**Brief**
Lines from the top of the listing down to the one with "move=> hs; have", inclusive, are to be copied exactly.

**Excerpted data**
━━━━━━━━━━
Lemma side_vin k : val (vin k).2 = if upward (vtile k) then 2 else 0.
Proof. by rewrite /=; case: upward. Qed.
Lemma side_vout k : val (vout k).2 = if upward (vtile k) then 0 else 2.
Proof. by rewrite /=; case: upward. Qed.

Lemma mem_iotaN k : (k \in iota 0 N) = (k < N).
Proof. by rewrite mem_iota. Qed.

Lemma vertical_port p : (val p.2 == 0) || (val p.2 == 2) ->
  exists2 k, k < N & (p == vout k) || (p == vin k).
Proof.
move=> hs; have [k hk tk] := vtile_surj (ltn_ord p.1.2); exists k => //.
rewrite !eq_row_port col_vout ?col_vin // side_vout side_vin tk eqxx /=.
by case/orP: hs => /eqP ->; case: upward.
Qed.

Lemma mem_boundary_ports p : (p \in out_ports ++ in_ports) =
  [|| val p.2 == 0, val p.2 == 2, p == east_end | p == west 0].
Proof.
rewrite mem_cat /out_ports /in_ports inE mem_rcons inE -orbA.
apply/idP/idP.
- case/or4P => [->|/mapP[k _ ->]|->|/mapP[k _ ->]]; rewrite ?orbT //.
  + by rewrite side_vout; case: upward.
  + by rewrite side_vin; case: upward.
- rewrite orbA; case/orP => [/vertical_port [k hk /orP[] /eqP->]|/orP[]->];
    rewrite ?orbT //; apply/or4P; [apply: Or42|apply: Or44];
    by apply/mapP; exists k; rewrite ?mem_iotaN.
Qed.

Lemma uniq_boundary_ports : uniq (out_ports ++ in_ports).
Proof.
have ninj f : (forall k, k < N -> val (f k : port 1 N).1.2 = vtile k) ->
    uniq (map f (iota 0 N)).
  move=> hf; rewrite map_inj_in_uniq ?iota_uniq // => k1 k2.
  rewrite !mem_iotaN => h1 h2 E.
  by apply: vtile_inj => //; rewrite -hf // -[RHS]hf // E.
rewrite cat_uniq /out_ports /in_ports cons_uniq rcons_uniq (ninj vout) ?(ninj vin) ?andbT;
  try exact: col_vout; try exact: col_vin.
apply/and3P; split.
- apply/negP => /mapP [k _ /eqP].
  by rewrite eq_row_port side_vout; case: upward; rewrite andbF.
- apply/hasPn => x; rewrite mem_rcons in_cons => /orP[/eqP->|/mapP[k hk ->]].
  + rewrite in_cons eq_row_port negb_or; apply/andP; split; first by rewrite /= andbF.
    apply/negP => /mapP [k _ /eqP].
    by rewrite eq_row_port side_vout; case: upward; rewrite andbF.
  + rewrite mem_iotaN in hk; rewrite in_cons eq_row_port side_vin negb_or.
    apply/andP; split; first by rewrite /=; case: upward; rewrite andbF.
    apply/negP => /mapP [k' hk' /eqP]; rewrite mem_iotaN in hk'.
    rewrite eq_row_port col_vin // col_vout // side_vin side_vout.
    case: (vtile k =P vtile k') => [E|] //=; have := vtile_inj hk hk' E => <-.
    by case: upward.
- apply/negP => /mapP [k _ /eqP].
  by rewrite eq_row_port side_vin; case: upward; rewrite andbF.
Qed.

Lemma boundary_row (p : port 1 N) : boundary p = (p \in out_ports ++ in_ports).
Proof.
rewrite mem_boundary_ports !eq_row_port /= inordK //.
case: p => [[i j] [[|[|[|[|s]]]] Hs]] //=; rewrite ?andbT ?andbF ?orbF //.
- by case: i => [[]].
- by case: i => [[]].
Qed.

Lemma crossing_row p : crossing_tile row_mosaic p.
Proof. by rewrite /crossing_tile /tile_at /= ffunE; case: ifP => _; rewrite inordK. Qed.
━━━━━━━━━━
**Solution for this exercise**
Lemma side_vin k : val (vin k).2 = if upward (vtile k) then 2 else 0.
Proof. by rewrite /=; case: upward. Qed.
Lemma side_vout k : val (vout k).2 = if upward (vtile k) then 0 else 2.
Proof. by rewrite /=; case: upward. Qed.

Lemma mem_iotaN k : (k \in iota 0 N) = (k < N).
Proof. by rewrite mem_iota. Qed.

Lemma vertical_port p : (val p.2 == 0) || (val p.2 == 2) ->
  exists2 k, k < N & (p == vout k) || (p == vin k).
Proof.
move=> hs; have [k hk tk] := vtile_surj (ltn_ord p.1.2); exists k => //.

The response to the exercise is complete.